▶ _The problem_
Find each line of the material below in which the word "szero" occurs, and return it.

▶ _Records for the task_
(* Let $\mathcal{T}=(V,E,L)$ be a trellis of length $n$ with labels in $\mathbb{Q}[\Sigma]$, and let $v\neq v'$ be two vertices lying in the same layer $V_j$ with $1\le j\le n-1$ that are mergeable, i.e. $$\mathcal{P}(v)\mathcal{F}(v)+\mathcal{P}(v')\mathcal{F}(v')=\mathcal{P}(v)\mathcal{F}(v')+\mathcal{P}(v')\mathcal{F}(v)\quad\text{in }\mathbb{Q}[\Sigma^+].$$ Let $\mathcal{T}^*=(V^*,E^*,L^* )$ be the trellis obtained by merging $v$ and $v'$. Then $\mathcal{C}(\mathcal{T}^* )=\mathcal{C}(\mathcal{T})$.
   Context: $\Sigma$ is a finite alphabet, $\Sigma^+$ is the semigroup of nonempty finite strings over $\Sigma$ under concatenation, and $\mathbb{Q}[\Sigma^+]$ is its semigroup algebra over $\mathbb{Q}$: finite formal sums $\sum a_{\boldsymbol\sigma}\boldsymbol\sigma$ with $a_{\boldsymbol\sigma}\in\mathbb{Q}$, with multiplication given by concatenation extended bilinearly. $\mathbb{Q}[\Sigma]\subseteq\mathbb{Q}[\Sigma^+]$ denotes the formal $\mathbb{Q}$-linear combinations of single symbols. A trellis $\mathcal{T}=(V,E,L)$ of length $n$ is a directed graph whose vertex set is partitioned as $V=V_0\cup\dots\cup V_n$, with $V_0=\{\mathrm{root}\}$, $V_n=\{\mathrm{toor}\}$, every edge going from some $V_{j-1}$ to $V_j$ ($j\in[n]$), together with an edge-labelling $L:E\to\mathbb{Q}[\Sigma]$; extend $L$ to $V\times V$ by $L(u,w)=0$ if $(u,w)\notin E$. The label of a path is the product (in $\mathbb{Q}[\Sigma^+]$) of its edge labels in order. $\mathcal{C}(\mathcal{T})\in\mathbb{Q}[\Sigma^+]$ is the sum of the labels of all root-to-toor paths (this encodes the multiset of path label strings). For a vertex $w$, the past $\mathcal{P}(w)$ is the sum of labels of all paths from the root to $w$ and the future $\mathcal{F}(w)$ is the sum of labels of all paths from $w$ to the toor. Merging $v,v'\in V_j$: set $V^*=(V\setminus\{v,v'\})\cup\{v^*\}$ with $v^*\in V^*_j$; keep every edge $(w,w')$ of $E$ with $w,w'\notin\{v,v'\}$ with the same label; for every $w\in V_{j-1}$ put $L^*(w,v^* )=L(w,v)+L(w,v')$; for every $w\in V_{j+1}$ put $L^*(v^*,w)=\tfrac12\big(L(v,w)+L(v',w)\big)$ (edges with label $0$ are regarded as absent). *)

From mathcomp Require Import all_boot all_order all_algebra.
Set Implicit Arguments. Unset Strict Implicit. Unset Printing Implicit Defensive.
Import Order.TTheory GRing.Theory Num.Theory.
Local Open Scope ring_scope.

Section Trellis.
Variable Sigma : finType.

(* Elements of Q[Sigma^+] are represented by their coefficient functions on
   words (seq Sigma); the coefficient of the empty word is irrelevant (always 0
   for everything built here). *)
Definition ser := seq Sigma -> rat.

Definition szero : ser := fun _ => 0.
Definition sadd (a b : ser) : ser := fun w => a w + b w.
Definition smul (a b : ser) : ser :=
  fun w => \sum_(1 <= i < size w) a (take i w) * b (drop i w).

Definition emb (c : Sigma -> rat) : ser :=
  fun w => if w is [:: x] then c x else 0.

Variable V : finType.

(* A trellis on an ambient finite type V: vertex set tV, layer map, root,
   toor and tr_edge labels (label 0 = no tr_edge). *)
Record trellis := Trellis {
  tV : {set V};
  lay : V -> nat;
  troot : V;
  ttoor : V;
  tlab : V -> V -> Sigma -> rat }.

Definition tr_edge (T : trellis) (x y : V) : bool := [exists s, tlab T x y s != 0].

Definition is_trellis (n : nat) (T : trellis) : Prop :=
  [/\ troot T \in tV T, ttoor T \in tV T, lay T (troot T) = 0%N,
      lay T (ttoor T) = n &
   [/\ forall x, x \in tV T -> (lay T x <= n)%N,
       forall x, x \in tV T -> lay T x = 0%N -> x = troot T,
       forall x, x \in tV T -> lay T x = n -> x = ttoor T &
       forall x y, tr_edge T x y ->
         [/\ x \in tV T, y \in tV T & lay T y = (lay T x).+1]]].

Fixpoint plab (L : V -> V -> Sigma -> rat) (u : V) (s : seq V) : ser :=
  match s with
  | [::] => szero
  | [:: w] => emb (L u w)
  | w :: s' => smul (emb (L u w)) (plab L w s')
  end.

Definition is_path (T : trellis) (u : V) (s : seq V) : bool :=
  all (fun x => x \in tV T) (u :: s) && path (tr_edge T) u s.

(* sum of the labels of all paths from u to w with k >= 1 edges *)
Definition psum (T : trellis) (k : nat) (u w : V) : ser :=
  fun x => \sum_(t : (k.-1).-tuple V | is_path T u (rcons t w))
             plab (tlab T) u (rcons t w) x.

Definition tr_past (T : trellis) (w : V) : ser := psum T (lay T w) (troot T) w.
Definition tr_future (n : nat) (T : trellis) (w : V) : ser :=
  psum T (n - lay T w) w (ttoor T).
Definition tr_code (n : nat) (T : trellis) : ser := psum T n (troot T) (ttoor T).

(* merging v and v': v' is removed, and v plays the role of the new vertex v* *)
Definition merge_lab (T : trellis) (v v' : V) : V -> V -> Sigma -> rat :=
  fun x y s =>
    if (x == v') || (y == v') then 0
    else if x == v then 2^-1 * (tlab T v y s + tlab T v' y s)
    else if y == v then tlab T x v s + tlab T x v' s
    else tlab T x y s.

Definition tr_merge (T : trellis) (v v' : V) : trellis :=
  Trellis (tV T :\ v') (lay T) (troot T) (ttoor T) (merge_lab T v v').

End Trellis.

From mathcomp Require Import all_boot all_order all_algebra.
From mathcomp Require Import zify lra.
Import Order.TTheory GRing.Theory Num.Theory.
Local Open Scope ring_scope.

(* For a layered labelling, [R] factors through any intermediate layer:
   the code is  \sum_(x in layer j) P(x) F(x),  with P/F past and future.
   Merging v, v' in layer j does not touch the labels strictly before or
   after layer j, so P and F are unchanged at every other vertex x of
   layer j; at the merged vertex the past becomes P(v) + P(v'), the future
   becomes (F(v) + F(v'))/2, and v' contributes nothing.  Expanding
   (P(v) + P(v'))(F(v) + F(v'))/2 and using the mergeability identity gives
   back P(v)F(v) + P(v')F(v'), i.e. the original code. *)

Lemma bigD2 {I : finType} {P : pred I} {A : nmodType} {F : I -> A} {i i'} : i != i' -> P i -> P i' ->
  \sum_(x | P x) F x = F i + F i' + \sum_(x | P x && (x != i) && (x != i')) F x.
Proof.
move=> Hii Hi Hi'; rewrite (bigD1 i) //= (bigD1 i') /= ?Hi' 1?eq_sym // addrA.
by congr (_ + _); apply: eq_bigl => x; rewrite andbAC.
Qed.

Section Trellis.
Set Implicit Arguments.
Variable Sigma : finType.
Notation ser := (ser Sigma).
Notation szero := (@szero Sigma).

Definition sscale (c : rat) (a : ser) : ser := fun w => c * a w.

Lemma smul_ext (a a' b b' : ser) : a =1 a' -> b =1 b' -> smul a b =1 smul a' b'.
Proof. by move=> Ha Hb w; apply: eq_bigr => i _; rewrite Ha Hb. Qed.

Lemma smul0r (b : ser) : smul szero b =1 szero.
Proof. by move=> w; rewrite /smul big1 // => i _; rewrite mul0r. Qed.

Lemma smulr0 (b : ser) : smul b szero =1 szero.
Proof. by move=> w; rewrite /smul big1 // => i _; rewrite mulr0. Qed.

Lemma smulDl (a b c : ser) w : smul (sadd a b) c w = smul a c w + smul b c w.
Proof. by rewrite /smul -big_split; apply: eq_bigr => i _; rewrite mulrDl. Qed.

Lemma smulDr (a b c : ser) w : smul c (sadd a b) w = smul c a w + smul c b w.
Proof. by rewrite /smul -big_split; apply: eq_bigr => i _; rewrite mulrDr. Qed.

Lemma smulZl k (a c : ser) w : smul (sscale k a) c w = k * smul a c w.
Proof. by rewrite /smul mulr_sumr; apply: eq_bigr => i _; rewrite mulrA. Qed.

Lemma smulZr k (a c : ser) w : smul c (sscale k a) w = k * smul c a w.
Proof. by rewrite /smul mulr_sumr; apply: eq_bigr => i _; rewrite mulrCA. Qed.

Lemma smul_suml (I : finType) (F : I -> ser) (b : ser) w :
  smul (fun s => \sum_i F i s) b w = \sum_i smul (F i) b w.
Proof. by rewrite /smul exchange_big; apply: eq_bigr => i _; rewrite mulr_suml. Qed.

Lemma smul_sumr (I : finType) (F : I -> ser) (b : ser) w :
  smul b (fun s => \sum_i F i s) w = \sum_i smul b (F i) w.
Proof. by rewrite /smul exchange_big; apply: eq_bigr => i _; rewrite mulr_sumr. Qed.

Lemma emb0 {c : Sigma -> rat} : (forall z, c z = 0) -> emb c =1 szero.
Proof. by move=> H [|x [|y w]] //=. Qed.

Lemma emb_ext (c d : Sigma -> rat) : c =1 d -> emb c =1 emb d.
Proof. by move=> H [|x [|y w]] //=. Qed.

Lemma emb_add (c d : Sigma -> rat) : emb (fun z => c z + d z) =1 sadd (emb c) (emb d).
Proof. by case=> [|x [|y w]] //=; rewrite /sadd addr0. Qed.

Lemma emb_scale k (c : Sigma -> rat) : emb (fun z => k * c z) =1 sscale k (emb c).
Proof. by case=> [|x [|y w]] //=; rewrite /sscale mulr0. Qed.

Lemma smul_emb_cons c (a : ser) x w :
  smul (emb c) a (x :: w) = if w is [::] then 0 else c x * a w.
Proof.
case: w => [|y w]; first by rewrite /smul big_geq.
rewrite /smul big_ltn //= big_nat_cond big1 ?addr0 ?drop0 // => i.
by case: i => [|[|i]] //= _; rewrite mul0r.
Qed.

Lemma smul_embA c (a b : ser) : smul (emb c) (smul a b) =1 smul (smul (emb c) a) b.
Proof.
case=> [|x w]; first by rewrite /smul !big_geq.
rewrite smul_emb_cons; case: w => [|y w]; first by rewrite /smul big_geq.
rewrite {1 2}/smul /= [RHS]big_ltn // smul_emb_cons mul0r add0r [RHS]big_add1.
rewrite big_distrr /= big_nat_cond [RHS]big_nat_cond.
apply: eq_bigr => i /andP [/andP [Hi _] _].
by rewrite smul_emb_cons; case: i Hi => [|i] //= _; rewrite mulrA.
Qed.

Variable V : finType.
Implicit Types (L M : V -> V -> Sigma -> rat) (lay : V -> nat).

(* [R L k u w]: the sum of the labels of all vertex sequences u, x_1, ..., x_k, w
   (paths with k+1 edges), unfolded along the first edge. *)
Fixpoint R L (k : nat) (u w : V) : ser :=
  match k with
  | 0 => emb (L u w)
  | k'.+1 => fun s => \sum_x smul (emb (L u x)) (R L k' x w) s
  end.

==

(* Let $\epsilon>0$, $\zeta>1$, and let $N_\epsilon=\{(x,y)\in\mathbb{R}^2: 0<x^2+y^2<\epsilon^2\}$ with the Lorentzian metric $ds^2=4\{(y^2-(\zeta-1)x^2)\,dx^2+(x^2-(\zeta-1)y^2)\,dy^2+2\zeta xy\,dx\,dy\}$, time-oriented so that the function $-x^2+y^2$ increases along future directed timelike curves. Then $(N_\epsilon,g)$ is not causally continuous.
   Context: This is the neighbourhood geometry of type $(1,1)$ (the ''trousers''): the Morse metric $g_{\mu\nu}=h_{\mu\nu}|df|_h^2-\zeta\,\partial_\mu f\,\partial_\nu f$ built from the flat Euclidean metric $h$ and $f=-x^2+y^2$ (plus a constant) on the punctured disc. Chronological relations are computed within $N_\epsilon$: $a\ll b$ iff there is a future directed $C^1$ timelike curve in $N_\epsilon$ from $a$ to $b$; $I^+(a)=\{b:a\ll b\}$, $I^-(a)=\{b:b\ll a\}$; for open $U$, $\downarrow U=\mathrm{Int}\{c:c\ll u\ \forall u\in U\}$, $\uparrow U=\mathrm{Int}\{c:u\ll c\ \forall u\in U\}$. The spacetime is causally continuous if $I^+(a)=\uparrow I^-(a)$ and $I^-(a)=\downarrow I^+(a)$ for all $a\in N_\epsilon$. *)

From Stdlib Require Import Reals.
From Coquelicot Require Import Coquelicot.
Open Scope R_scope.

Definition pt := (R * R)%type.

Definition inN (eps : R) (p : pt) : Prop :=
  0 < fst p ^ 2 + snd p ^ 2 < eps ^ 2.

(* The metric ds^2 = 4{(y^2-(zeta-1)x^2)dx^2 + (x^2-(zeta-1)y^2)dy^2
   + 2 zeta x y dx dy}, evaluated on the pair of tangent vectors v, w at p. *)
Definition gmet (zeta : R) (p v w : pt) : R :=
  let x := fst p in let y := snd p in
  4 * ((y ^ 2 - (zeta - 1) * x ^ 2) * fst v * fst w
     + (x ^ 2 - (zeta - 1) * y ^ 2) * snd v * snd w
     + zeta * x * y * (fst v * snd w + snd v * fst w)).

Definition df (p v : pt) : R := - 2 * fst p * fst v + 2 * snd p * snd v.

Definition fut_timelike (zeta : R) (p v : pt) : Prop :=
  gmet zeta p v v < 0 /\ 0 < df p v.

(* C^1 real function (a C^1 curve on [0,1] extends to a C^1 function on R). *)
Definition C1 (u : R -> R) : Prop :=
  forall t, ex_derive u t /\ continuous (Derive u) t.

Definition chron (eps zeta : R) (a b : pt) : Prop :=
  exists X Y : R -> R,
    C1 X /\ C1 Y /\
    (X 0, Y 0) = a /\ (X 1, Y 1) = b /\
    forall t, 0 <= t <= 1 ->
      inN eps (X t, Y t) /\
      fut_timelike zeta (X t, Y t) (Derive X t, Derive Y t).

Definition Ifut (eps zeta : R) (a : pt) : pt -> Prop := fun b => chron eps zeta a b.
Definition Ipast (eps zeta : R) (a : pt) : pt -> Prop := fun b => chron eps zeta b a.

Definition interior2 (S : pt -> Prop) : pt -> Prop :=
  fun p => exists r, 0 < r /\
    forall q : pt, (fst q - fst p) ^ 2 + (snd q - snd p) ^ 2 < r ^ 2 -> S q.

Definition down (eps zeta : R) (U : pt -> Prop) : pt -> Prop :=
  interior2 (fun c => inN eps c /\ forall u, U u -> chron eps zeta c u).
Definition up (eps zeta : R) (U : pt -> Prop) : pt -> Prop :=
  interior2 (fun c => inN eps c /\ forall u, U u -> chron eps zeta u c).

▶ _Expected answer_
Definition szero : ser := fun _ => 0.
  | [::] => szero
Notation szero := (@szero Sigma).
Lemma smul0r (b : ser) : smul szero b =1 szero.
Lemma smulr0 (b : ser) : smul b szero =1 szero.
Lemma emb0 {c : Sigma -> rat} : (forall z, c z = 0) -> emb c =1 szero.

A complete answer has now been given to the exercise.